PROBLEM TO SOLVE: Within the entries below, find the portion that opens with the line containing "interpolants maps what" and closes with the line containing "by the monomials". Retype that portion exactly and only.

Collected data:
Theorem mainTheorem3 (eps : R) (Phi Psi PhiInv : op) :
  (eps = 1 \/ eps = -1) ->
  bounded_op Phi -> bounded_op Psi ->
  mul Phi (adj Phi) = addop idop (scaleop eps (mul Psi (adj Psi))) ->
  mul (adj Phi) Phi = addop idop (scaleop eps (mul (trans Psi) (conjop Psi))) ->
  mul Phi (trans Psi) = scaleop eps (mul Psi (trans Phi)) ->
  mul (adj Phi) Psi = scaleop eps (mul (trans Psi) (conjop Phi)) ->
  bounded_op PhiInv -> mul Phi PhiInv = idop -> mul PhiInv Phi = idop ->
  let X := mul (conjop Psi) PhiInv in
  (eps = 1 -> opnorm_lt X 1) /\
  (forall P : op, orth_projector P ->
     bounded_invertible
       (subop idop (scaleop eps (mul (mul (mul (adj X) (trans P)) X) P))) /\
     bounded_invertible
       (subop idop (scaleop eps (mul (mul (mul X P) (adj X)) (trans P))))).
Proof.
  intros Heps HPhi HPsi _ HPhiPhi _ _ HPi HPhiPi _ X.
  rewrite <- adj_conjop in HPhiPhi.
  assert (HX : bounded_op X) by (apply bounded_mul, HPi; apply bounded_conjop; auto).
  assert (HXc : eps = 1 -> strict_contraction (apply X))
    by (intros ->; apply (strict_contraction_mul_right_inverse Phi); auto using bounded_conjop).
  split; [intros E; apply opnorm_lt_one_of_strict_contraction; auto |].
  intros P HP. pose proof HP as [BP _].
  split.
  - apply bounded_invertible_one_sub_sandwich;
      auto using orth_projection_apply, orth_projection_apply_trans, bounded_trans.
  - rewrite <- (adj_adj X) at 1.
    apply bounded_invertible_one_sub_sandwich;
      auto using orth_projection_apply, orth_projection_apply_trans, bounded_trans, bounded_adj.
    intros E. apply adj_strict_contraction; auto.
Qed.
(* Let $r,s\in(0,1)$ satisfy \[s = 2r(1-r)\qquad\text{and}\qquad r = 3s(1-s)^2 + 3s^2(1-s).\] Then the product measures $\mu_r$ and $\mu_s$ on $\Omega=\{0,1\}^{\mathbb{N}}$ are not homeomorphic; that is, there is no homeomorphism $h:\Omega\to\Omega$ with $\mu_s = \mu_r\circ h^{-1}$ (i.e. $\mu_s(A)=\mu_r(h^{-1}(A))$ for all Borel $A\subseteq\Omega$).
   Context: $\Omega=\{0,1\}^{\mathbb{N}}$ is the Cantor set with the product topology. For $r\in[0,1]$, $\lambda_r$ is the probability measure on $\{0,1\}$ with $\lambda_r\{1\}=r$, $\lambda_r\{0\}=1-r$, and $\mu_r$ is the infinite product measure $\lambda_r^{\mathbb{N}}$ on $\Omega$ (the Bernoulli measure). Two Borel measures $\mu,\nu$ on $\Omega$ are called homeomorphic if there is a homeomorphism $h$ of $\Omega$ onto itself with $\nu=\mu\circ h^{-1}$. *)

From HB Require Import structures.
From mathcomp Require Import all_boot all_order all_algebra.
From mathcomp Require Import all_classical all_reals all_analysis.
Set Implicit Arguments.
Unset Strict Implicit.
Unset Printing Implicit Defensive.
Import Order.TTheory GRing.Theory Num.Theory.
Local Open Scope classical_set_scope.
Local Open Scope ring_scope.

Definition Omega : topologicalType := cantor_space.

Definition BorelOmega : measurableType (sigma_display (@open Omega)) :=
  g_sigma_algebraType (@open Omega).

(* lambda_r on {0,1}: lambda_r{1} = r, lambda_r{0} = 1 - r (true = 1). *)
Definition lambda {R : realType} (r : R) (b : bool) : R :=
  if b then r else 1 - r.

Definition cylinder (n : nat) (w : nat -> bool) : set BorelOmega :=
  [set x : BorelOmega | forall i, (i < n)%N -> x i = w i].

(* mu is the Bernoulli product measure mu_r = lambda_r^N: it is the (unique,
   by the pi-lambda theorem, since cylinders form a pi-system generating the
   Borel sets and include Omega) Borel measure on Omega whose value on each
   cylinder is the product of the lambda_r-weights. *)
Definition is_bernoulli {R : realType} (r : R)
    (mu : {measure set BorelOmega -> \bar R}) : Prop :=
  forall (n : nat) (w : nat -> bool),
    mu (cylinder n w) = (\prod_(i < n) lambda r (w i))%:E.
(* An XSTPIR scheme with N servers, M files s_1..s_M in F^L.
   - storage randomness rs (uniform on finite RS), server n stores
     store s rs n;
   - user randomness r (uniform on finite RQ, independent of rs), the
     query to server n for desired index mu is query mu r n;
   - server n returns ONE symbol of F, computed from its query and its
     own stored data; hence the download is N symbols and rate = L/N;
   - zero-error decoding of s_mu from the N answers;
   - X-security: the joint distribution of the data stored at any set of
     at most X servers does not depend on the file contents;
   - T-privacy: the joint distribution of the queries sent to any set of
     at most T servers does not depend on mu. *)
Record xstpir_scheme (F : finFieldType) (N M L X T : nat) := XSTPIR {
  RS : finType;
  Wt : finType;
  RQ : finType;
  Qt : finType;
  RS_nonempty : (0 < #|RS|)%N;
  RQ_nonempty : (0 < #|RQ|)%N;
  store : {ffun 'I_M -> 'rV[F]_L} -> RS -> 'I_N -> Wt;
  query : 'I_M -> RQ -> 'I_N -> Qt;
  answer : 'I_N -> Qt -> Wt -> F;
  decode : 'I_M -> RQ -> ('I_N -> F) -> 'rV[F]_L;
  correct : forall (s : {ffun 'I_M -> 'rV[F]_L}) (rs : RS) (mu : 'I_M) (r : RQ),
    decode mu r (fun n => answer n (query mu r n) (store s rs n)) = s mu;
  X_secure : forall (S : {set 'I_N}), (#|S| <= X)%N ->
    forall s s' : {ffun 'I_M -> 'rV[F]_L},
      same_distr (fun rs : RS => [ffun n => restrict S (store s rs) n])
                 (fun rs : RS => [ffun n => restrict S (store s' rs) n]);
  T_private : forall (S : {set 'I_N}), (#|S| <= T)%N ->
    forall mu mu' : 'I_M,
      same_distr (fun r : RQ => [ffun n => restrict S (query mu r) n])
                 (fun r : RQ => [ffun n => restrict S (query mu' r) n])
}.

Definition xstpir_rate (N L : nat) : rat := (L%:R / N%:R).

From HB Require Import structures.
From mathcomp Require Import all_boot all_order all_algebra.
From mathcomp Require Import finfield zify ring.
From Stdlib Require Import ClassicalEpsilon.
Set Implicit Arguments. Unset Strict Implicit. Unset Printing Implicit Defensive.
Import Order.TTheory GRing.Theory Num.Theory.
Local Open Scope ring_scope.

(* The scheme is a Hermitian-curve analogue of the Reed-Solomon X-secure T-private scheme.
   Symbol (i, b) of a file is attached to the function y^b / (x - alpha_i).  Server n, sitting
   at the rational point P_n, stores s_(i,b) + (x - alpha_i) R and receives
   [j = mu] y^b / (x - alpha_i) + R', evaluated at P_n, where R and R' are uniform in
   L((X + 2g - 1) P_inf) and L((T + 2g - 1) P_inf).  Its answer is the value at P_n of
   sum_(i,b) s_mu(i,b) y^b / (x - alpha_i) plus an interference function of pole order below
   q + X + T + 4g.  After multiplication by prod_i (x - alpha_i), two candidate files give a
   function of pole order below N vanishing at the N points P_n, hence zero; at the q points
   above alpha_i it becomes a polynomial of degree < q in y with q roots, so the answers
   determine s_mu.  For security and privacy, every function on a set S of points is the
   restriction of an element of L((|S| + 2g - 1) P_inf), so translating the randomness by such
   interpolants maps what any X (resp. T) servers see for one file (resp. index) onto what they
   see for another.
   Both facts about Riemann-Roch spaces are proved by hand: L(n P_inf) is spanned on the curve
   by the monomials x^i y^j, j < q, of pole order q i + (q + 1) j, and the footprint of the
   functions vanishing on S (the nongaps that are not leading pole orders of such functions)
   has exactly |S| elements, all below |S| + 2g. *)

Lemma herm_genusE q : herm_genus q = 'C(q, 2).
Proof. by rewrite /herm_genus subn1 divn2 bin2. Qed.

ANSWER TO THE EXERCISE:
   interpolants maps what any X (resp. T) servers see for one file (resp. index) onto what they
   see for another.
   Both facts about Riemann-Roch spaces are proved by hand: L(n P_inf) is spanned on the curve
   by the monomials x^i y^j, j < q, of pole order q i + (q + 1) j, and the footprint of the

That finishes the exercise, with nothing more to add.